The precise language of the exclusion applies to a claim "arising out of" the purchase of property by an entity "in which any Insured had . . . a contemplated financial interest." From the face of the complaint, both Morrissey and Putrino had a contemplated financial interest in the purchase of the property. The technicality of the property being placed in O'Rear's individual name only does not render the exclusion inapplicable. O'Rear never would have purchased the property without the joint venture in place because, as the allegations attest, Morrissey and Putrino were going to make the mortgage payments and pay the expenses associated with the property. Whatever the facts turned out to be after the closing has no bearing on whether the exclusion applies. See Chicago Title, 31 So.2d at 216 (citingKopelowitz v. Home Ins. Co., 977 F.Supp. 1179, 1187 n. 3 (S.D. Fla. 1997), which cites Spencer v. Assurance Co., 39 F.3d 1146, 1148 (11th Cir. 1994), for the proposition that notwithstanding an insurer's refusal to defend leading to the insured's entering into a consent judgment, only eight corners of complaint and policy are used in determining duty to defend and coverage).
Duty to Indemnify
Under Florida law, "[t]he duty to indemnify is narrower than the duty to defend, and there must be a determination that coverage exists before a duty to indemnify arises." McCreary, 758 So.2d at 695 (quoting Illinois Ins. Exch. v. Scottsdale Ins. Co., 679 So.2d 355, 358 (Fla.Dist.Ct.App. 1996)). Having found that no duty to defend exists, there is no concomitant duty to indemnify.See Allstate Ins. Co. v. Safer, 317 F.Supp.2d 1345, 1358 (M.D. Fla. 2004); WellCare of Fla., Inc. v. American Int'l. Specialty Lines Inc. Co., 16 So.3d 904, 906 (Fla.Dist.Ct.App. 2009). Thus, Greenwich had no duty to pay O'Rear the amount of the consent judgment entered in the state court case.

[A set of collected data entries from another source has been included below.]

(* Let $\alpha\in(0,1)$ and $\gamma_n=\alpha n$ for each $n$, and let $\lambda_n$ satisfy $\lambda_n=o(n)$ and $\lambda_n=\omega(1)$. Let $K:\mathbb{N}_0\to\mathbb{N}_0$, $n\mapsto K_n$, be a scaling and let \[ r_4(\alpha,\lambda_n) = 1+\frac{\log\!\left(1+\frac{n\alpha}{\lambda_n}\right)+\alpha+\log(1-\alpha)}{\frac{1-\alpha}{2}-\log\!\left(\frac{1+\alpha}{2}\right)}. \] If $K_n > r_4(\alpha,\lambda_n)$ for all $n$, then \[ \lim_{n\to\infty} \mathbb{P}\big[\,|C_{max}(n,K_n,\gamma_n)| > n-\gamma_n-\lambda_n\,\big] = 1. \]
   Context: Random K-out graph $\mathbb{H}(n;K_n)$: on vertex set $V=\{v_1,\dots,v_n\}$ with labels $\mathcal{N}=\{1,\dots,n\}$, each node $v_i$ independently selects a set $\Gamma_{n,i}\subseteq \mathcal{N}\setminus\{i\}$ of $K_n$ distinct labels uniformly at random (the sets $\Gamma_{n,1},\dots,\Gamma_{n,n}$ are mutually independent). Distinct nodes $v_i,v_j$ are adjacent if $j\in\Gamma_{n,i}$ or $i\in\Gamma_{n,j}$ (undirected graph). The graph $\mathbb{H}(n;K_n,\gamma_n)$ is obtained by choosing a set $D\subset V$ of $\gamma_n$ nodes uniformly at random and deleting them: it has vertex set $R=V\setminus D$, and two distinct vertices of $R$ are adjacent iff they are adjacent in $\mathbb{H}(n;K_n)$. $C_{max}(n,K_n,\gamma_n)$ denotes the vertex set of a largest connected component of $\mathbb{H}(n;K_n,\gamma_n)$. $\log$ is the natural logarithm; Landau notation is as $n\to\infty$. *)

From HB Require Import structures.
From mathcomp Require Import all_boot all_order all_algebra.
From mathcomp Require Import all_classical all_reals all_analysis.
Set Implicit Arguments. Unset Strict Implicit. Unset Printing Implicit Defensive.
Import Order.TTheory GRing.Theory Num.Theory.
Local Open Scope ring_scope.

(* An outcome of the experiment defining H(n;K,gamma):
   - Gam : for every node i (labels 'I_n), the set Gamma_{n,i} it selects;
   - D   : the set of deleted nodes. *)
Definition outcome (n : nat) : finType :=
  ({ffun 'I_n -> {set 'I_n}} * {set 'I_n})%type.

(* The uniform distribution
   on admissible outcomes is exactly the law of independent uniform choices
   of Gamma_1,...,Gamma_n and of D. *)
Definition admissible (n K gamma : nat) (w : outcome n) : bool :=
  [forall i : 'I_n, (#|w.1 i| == K) && (i \notin w.1 i)] && (#|w.2| == gamma).

Definition kout_adj (n : nat) (w : outcome n) : rel 'I_n :=
  fun i j => (i != j) && ((j \in w.1 i) || (i \in w.1 j)).

Definition surv_adj (n : nat) (w : outcome n) : rel 'I_n :=
  fun i j => [&& i \notin w.2, j \notin w.2 & kout_adj w i j].

(* |C_max|: size of a largest connected component of H(n;K,gamma)
   (0 if every vertex is deleted). *)
Definition cmax_size (n : nat) (w : outcome n) : nat :=
  \max_(x : 'I_n | x \notin w.2) #|[set y | connect (surv_adj w) x y]|.

Definition kout_prob (R : realType) (n K gamma : nat) (E : pred (outcome n)) : R :=
  #|[set w : outcome n | admissible K gamma w && E w]|%:R /
  #|[set w : outcome n | admissible K gamma w]|%:R.
Arguments kout_prob R n K gamma E : clear implicits.

From HB Require Import structures.
From mathcomp Require Import all_boot all_order all_algebra.
From mathcomp Require Import all_classical all_reals all_analysis.
From mathcomp Require Import zify ring lra.
Import Order.TTheory GRing.Theory Num.Theory.
Import numFieldNormedType.Exports.
Set Implicit Arguments. Unset Strict Implicit. Unset Printing Implicit Defensive.

(* If the largest surviving component has at most n - g - lam vertices
   (g = gamma_n deleted nodes, forming D), growing a closed set of fewer than
   lam survivors by one component, and complementing within the survivors if
   needed, yields a set S of m survivors, lam <= m <= (n - g) / 2, with no edge
   to the other survivors.  Given D and S, every node of S must choose inside
   S :|: D and every other survivor must avoid S, an event of probability at
   most ((g + m) / n) ^ (K m) * ((n - m) / n) ^ (K (n - g - m)).  With
   'C(n - g, m) <= (e (n - g) / m) ^ m the union bound over S becomes a
   geometric series sum_m t_n ^ m <= 2 t_n, where
   t_n <= c (n / lam_n) (kappa B) ^ K_n + c' B ^ K_n for some kappa < 1 and
   B = (1 + alpha) / 2 * e ^ (- (1 - alpha) / 2) = e ^ (- d), d being the
   denominator of r_4.  Thus K_n > r_4 gives B ^ K_n = O(lam_n / n), hence
   K_n -> oo and t_n -> 0. *)

Lemma card_ffun_family (I T : finType) (F : I -> {set T}) :
  #|[set f : {ffun I -> T} | [forall i, f i \in F i]]| = \prod_i #|F i|.
Proof.
rewrite -[RHS](_ : foldr muln 1 [seq #|mem (F i)| | i : I] = _); last first.
  by rewrite /image_mem foldr_map -big_enum /=; elim: (enum _) => [|i s IH];
    rewrite ?big_nil ?big_cons //= IH.
rewrite -card_family; apply: eq_card => f; rewrite inE.
by apply/forallP/familyP => H i; exact: H.
Qed.
Lemma count_range_le N k s : (1 <= k <= N)%nat ->
  length (filter (fun x => absorbed 0 (Z.of_nat N) (Z.of_nat x) s
                           && (range N (Z.of_nat x) s <=? k)%nat) (seq 0 (N + 1)))
  = length (filter (fun y => absorbed 0 (Z.of_nat k) (Z.of_nat y) s) (seq 0 (k + 1))).
Proof.
  intros Hk.
  rewrite (length_filter_split _ (fun x => endpoint (Z.of_nat x) s =? 0) (seq 0 (N + 1))),
    (length_filter_split _ (fun x => endpoint (Z.of_nat x) s =? 0) (seq 0 (k + 1))).
  f_equal.
  - rewrite (filter_ext _ (fun x => absorbed 0 (Z.of_nat k) (Z.of_nat x) s
                                    && (endpoint (Z.of_nat x) s =? 0)))
      by (intros x; apply absorbed_bottom_range_le; lia).
    rewrite (length_filter_seq_window _ 0 (k + 1)); [|intros x Hx|lia].
    + f_equal. apply filter_ext; intros y. now rewrite Nat.add_0_r.
    + apply andb_true_iff in Hx as [Hx _].
      apply absorbed_start in Hx; lia.
  - rewrite (filter_ext _ (fun x => absorbed (Z.of_nat (N - k)) (Z.of_nat N) (Z.of_nat x) s
                                    && (endpoint (Z.of_nat x) s =? Z.of_nat N))).
    2:{ intros x. rewrite <- absorbed_top_range_le by lia.
        destruct (absorbed 0 (Z.of_nat N) (Z.of_nat x) s) eqn:E; [|reflexivity].
        rewrite absorbed_not_bottom with (b := Z.of_nat N) by (auto; lia). reflexivity. }
    rewrite (length_filter_seq_window _ (N - k) (k + 1)); [|intros x Hx|lia].
    + f_equal. apply filter_ext; intros y.
      rewrite Nat2Z.inj_add, endpoint_shift, <- (absorbed_shift 0 (Z.of_nat k) _ (Z.of_nat (N - k))).
      replace (0 + Z.of_nat (N - k)) with (Z.of_nat (N - k)) by lia.
      replace (Z.of_nat k + Z.of_nat (N - k)) with (Z.of_nat N) by lia.
      destruct (absorbed _ _ _ s) eqn:E; [simpl|reflexivity].
      apply absorbed_endpoint in E. rewrite endpoint_shift in E.
      apply eq_true_iff_eq. rewrite negb_true_iff, Z.eqb_eq, Z.eqb_neq. lia.
    + apply andb_true_iff in Hx as [Hx _].
      apply absorbed_start in Hx; lia.
Qed.

Open Scope R_scope.

Lemma rsum_map_plus {A} (f g : A -> R) l :
  rsum (map (fun x => f x + g x) l) = rsum (map f l) + rsum (map g l).
Proof. induction l; simpl; [ring|rewrite IHl; ring]. Qed.

Lemma rsum_map_scal {A} c (f : A -> R) l :
  rsum (map (fun x => c * f x) l) = c * rsum (map f l).
Proof. induction l; simpl; [ring|rewrite IHl; ring]. Qed.

Lemma rsum_map_ext_in {A} (f g : A -> R) l : (forall x, In x l -> f x = g x) ->
  rsum (map f l) = rsum (map g l).
Proof. intros H; now rewrite (map_ext_in f g l H). Qed.

Lemma rsum_map_zero {A} (f : A -> R) l : (forall x, In x l -> f x = 0) -> rsum (map f l) = 0.
Proof.
  intros H; induction l as [|a l IH]; simpl; [reflexivity|].
  rewrite H, IH; [ring| |now left]. intros x Hx; apply H; now right.
Qed.

Lemma rsum_map_const {A} c l : rsum (map (fun _ : A => c) l) = c * INR (length l).
Proof. induction l; simpl length; [simpl; ring|rewrite S_INR; simpl; rewrite IHl; ring]. Qed.

Lemma rsum_nonneg {A} (f : A -> R) l : (forall x, 0 <= f x) -> 0 <= rsum (map f l).
Proof. intros H; induction l; simpl; [lra|specialize (H a); lra]. Qed.

Lemma rsum_swap {A B} (f : A -> B -> R) l1 l2 :
  rsum (map (fun x => rsum (map (f x) l2)) l1) =
  rsum (map (fun y => rsum (map (fun x => f x y) l1)) l2).
Proof.
  induction l1 as [|a l1 IH]; simpl.
  - now rewrite rsum_map_zero.
  - rewrite IH, <- rsum_map_plus. reflexivity.
Qed.

Lemma rsum_indicator {A} (P : A -> bool) c l :
  rsum (map (fun x => if P x then c else 0) l) = c * INR (length (filter P l)).
Proof.
  induction l as [|a l IH]; simpl; [ring|].
  rewrite IH. destruct (P a); simpl length; [rewrite S_INR|]; ring.
Qed.

Lemma rsum_bool_lists_S (f : list bool -> R) n :
  rsum (map f (bool_lists (S n))) =
  rsum (map (fun s => f (true :: s) + f (false :: s)) (bool_lists n)).
Proof.
  simpl. induction (bool_lists n) as [|s l IH]; simpl; [reflexivity|].
  rewrite IH; ring.
Qed.

Lemma path_weight_nonneg p s : 0 <= p <= 1 -> 0 <= path_weight p s.
Proof.
  intros Hp. induction s as [|b s IH]; simpl; [lra|].
  apply Rmult_le_pos; [destruct b|]; lra.
Qed.

Lemma Un_cv_of_dist_le (u : nat -> R) l C :
  (forall n, Rabs (u n - l) <= C / INR (S n)) -> Un_cv u l.
Proof.
  intros Hu eps Heps.
  destruct (archimed (C / eps)) as [Hup _].
  exists (Z.to_nat (up (C / eps))). intros n Hn.
  assert (Hn' : C / eps < INR (S n)).
  { rewrite S_INR. destruct (Z_lt_le_dec (up (C / eps)) 0) as [Hneg|Hnn].
    - apply IZR_lt in Hneg. assert (0 <= INR n) by apply pos_INR. lra.
    - apply le_INR in Hn. rewrite INR_IZR_INZ, Z2Nat.id in Hn by exact Hnn. lra. }
  assert (HS : 0 < INR (S n)) by apply lt_0_INR, Nat.lt_0_succ.
  apply (Rle_lt_trans _ _ _ (Hu n)).
  apply (Rmult_lt_reg_r (INR (S n))); [exact HS|].
  unfold Rdiv. rewrite Rmult_assoc, Rinv_l, Rmult_1_r by lra.
  apply (Rmult_lt_reg_r (/ eps)); [apply Rinv_0_lt_compat; lra|].
  replace (eps * INR (S n) * / eps) with (INR (S n)) by (field; lra). exact Hn'.
Qed.

Lemma Un_cv_const c : Un_cv (fun _ => c) c.
Proof. intros eps Heps. exists 0%nat. intros. unfold R_dist. now rewrite Rminus_diag, Rabs_R0. Qed.

Lemma infinite_sum_ext f g a : (forall n, f n = g n) -> infinite_sum f a -> infinite_sum g a.
Proof.
  intros H. apply Un_cv_ext. intros n. apply sum_eq. intros i _. apply H.
Qed.

Lemma infinite_sum_zero : infinite_sum (fun _ => 0) 0.
Proof.
  apply (Un_cv_ext (fun _ => 0)); [|apply Un_cv_const].
  intros n. rewrite sum_cte. ring.
Qed.

Lemma infinite_sum_scal c f a : infinite_sum f a -> infinite_sum (fun n => c * f n) (c * a).
Proof.
  intros Hf. apply (Un_cv_ext (fun M => c * sum_f_R0 f M)).
  - intros M. rewrite scal_sum. apply sum_eq. intros; ring.
  - apply CV_mult; [apply Un_cv_const|exact Hf].
Qed.

Lemma infinite_sum_rsum {A} (f : A -> nat -> R) (a : A -> R) L :
  (forall y, In y L -> infinite_sum (f y) (a y)) ->
  infinite_sum (fun n => rsum (map (fun y => f y n) L)) (rsum (map a L)).
Proof.
  induction L as [|y L IH]; intros H; simpl.
  - exact infinite_sum_zero.
  - apply (Un_cv_ext (fun M => sum_f_R0 (f y) M + sum_f_R0 (fun n => rsum (map (fun y => f y n) L)) M)).
    + intros M. rewrite <- sum_plus. reflexivity.
    + apply CV_plus; [apply H; now left|apply IH; intros; apply H; now right].
Qed.

Definition absorption_prob (p : R) (K : nat) (n : nat) (y : Z) : R :=
  rsum (map (fun s => if absorbed 0 (Z.of_nat K) y s then path_weight p s else 0) (bool_lists n)).

Definition survival_prob (p : R) (K : nat) (n : nat) (y : Z) : R :=
  rsum (map (fun s => if survives 0 (Z.of_nat K) y s then path_weight p s else 0) (bool_lists n)).

Lemma absorption_prob_0 p K y : absorption_prob p K 0 y = if boundaryb K y then 1 else 0.
Proof. unfold absorption_prob, boundaryb; simpl. destruct (_ || _)%bool; ring. Qed.

Lemma survival_prob_0 p K y : survival_prob p K 0 y = if interiorb K y then 1 else 0.
Proof. unfold survival_prob, interiorb; simpl. rewrite andb_true_r. destruct (_ && _)%bool; ring. Qed.

Lemma absorption_prob_S p K n y : absorption_prob p K (S n) y =
  if interiorb K y
  then p * absorption_prob p K n (y + 1) + (1 - p) * absorption_prob p K n (y - 1) else 0.
Proof.
  unfold absorption_prob. rewrite rsum_bool_lists_S. cbn [absorbed step].
  fold (interiorb K y). destruct (interiorb K y); simpl.
  - rewrite <- !rsum_map_scal, <- rsum_map_plus. apply rsum_map_ext_in; intros s _.
    destruct (absorbed 0 _ (y + 1) s), (absorbed 0 _ (y - 1) s); simpl; ring.
  - apply rsum_map_zero; intros; ring.
Qed.

Lemma survival_prob_S p K n y : survival_prob p K (S n) y =
  if interiorb K y
  then p * survival_prob p K n (y + 1) + (1 - p) * survival_prob p K n (y - 1) else 0.
Proof.
  unfold survival_prob. rewrite rsum_bool_lists_S. cbn [survives step].
  fold (interiorb K y). destruct (interiorb K y); simpl.
  - rewrite <- !rsum_map_scal, <- rsum_map_plus. apply rsum_map_ext_in; intros s _.
    destruct (survives 0 _ (y + 1) s), (survives 0 _ (y - 1) s); simpl; ring.
  - apply rsum_map_zero; intros; ring.
Qed.

Lemma sum_f_R0_recursion (f g h : nat -> R) (b : bool) a c M :
  (forall i, f (S i) = if b then a * g i + c * h i else 0) ->
  sum_f_R0 f (S M) = f 0%nat + (if b then a * sum_f_R0 g M + c * sum_f_R0 h M else 0).
Proof.
  intros Hf. induction M as [|M IH].
  - simpl. rewrite Hf. destruct b; ring.
  - rewrite tech5, IH, Hf. destruct b; simpl; ring.
Qed.

Section Absorption.
Variables (p : R) (K : nat).
Hypothesis Hp : / 2 <= p <= 1.

Lemma absorption_prob_nonneg n y : 0 <= absorption_prob p K n y.
Proof.
  apply rsum_nonneg; intros s. destruct (absorbed _ _ _ _); [apply path_weight_nonneg; lra|lra].
Qed.

Lemma absorption_survival_sum M : forall y, (0 <= y <= Z.of_nat K)%Z ->
  sum_f_R0 (fun i => absorption_prob p K i y) M + survival_prob p K M y = 1.
Proof.
  induction M as [|M IH]; intros y Hy.
  - simpl. rewrite absorption_prob_0, survival_prob_0. unfold interiorb, boundaryb.
    destruct (Z.eqb_spec y 0), (Z.eqb_spec y (Z.of_nat K)), (Z.ltb_spec 0 y),
      (Z.ltb_spec y (Z.of_nat K)); simpl; lra || lia.
  - rewrite (sum_f_R0_recursion _ (fun i => absorption_prob p K i (y + 1))
      (fun i => absorption_prob p K i (y - 1)) (interiorb K y) p (1 - p))
      by (intros; apply absorption_prob_S).
    rewrite survival_prob_S, absorption_prob_0. unfold interiorb, boundaryb.
    destruct (Z.ltb_spec 0 y), (Z.ltb_spec y (Z.of_nat K)); simpl;
      destruct (Z.eqb_spec y 0), (Z.eqb_spec y (Z.of_nat K)); simpl; try lia; try lra.
    assert (Hup := f_equal (Rmult p) (IH (y + 1)%Z ltac:(lia))).
    assert (Hdown := f_equal (Rmult (1 - p)) (IH (y - 1)%Z ltac:(lia))).
    lra.
Qed.

(* [K^2 - y^2] is a Lyapunov function: one step of an upward-biased walk decreases its mean by
   [1 + 2 y (2 p - 1) >= 1], which bounds the expected absorption time. *)
Lemma survival_sum_le M : forall y, (0 <= y <= Z.of_nat K)%Z ->
  sum_f_R0 (fun i => survival_prob p K i y) M <= IZR (Z.of_nat K) ^ 2 - IZR y ^ 2.
Proof.
  induction M as [|M IH]; intros y Hy;
    assert (HyK : 0 <= IZR y <= IZR (Z.of_nat K)) by (split; apply IZR_le; lia).
  - simpl. rewrite survival_prob_0. unfold interiorb.
    destruct (Z.ltb_spec 0 y), (Z.ltb_spec y (Z.of_nat K)); simpl; try nra.
    assert (1 <= IZR y /\ IZR y + 1 <= IZR (Z.of_nat K)) as [] by
      (rewrite <- plus_IZR; split; apply IZR_le; lia).
    nra.
  - rewrite (sum_f_R0_recursion _ (fun i => survival_prob p K i (y + 1))
      (fun i => survival_prob p K i (y - 1)) (interiorb K y) p (1 - p))
      by (intros; apply survival_prob_S).
    rewrite survival_prob_0. unfold interiorb.
    destruct (Z.ltb_spec 0 y), (Z.ltb_spec y (Z.of_nat K)); simpl; try nra.
    assert (Hup := IH (y + 1)%Z ltac:(lia)). assert (Hdown := IH (y - 1)%Z ltac:(lia)).
    rewrite plus_IZR in Hup. rewrite minus_IZR in Hdown.
    assert (Hbias : 0 <= IZR y * (2 * p - 1)) by (apply Rmult_le_pos; lra).
    nra.
Qed.

Lemma survival_prob_le M y : (0 <= y <= Z.of_nat K)%Z ->
  survival_prob p K M y <= (IZR (Z.of_nat K) ^ 2 - IZR y ^ 2) / INR (S M).
Proof.
  intros Hy.
  assert (Hdecr : forall i, survival_prob p K (S i) y <= survival_prob p K i y).
  { intros i. assert (H1 := absorption_survival_sum i y Hy).
    assert (H2 := absorption_survival_sum (S i) y Hy). rewrite tech5 in H2.
    assert (H3 := absorption_prob_nonneg (S i) y). lra. }
  assert (Hlin : INR (S M) * survival_prob p K M y <= sum_f_R0 (fun i => survival_prob p K i y) M).
  { clear - Hdecr. induction M as [|M IH]; simpl sum_f_R0; [simpl; lra|].
    rewrite S_INR. specialize (Hdecr M). assert (0 <= INR (S M)) by apply pos_INR. nra. }
  assert (HS : 0 < INR (S M)) by apply lt_0_INR, Nat.lt_0_succ.
  apply (Rmult_le_reg_l (INR (S M))); [exact HS|].
  replace (INR (S M) * ((IZR (Z.of_nat K) ^ 2 - IZR y ^ 2) / INR (S M)))
    with (IZR (Z.of_nat K) ^ 2 - IZR y ^ 2) by (field; lra).
  assert (Hsum := survival_sum_le M y Hy). lra.
Qed.

Lemma absorption_almost_sure y : (0 <= y <= Z.of_nat K)%Z ->
  infinite_sum (fun n => absorption_prob p K n y) 1.
Proof.
  intros Hy. apply (Un_cv_of_dist_le _ _ (IZR (Z.of_nat K) ^ 2 - IZR y ^ 2)). intros M.
  assert (H1 := absorption_survival_sum M y Hy).
  assert (H2 := survival_prob_le M y Hy).
  replace (sum_f_R0 (fun i => absorption_prob p K i y) M - 1) with (- survival_prob p K M y) by lra.
  rewrite Rabs_Ropp, Rabs_pos_eq; [exact H2|].
  apply rsum_nonneg; intros s. destruct (survives _ _ _ _); [apply path_weight_nonneg; lra|lra].
Qed.

End Absorption.

(* The largest [k <= N] with [k / N <= t]; [Z.to_nat] sends the negative floors (t < 0) to 0. *)
Definition range_threshold (t : R) (N : nat) : nat :=
  Nat.min N (Z.to_nat (Int_part (t * INR N))).

Lemma Rle_div_iff_le_threshold N r t : (1 <= r <= N)%nat ->
  INR r / INR N <= t <-> (r <= range_threshold t N)%nat.
Proof.
  intros Hr. unfold range_threshold.
  assert (HN : 0 < INR N) by (apply lt_0_INR; lia).
  destruct (base_Int_part (t * INR N)) as [Hfl Hfl'].
  set (z := Int_part (t * INR N)) in *.
  assert (Hdiv : INR r / INR N <= t <-> INR r <= t * INR N).
  { split; intros H.
    - apply (Rmult_le_compat_r (INR N)) in H; [|lra].
      unfold Rdiv in H. rewrite Rmult_assoc, Rinv_l, Rmult_1_r in H by lra. exact H.
    - apply (Rmult_le_reg_r (INR N)); [exact HN|].
      unfold Rdiv. rewrite Rmult_assoc, Rinv_l, Rmult_1_r by lra. exact H. }
  rewrite Hdiv, INR_IZR_INZ. split; intros H.
  - assert (Hrz : IZR (Z.of_nat r) < IZR (z + 1)) by (rewrite plus_IZR; lra).
    apply lt_IZR in Hrz. lia.
  - assert (Hrz : (Z.of_nat r <= z)%Z) by lia. apply IZR_le in Hrz. lra.
Qed.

It is therefore ORDERED AND ADJUDGED as follows:
(1) 1) Defendant/Counterclaimant's Motion for Summary Judgment (Dkt. 42) is GRANTED.
(2) Plaintiff/Counterclaim Defendant's Motion for Summary Judgment (Dkt. 48) is DENIED.
(3) The clerk is directed to enter judgment for Defendant and against Plaintiff.
(4) The clerk is directed to close the case.DONE AND ORDERED at Tampa, Florida, on November 23, 2010.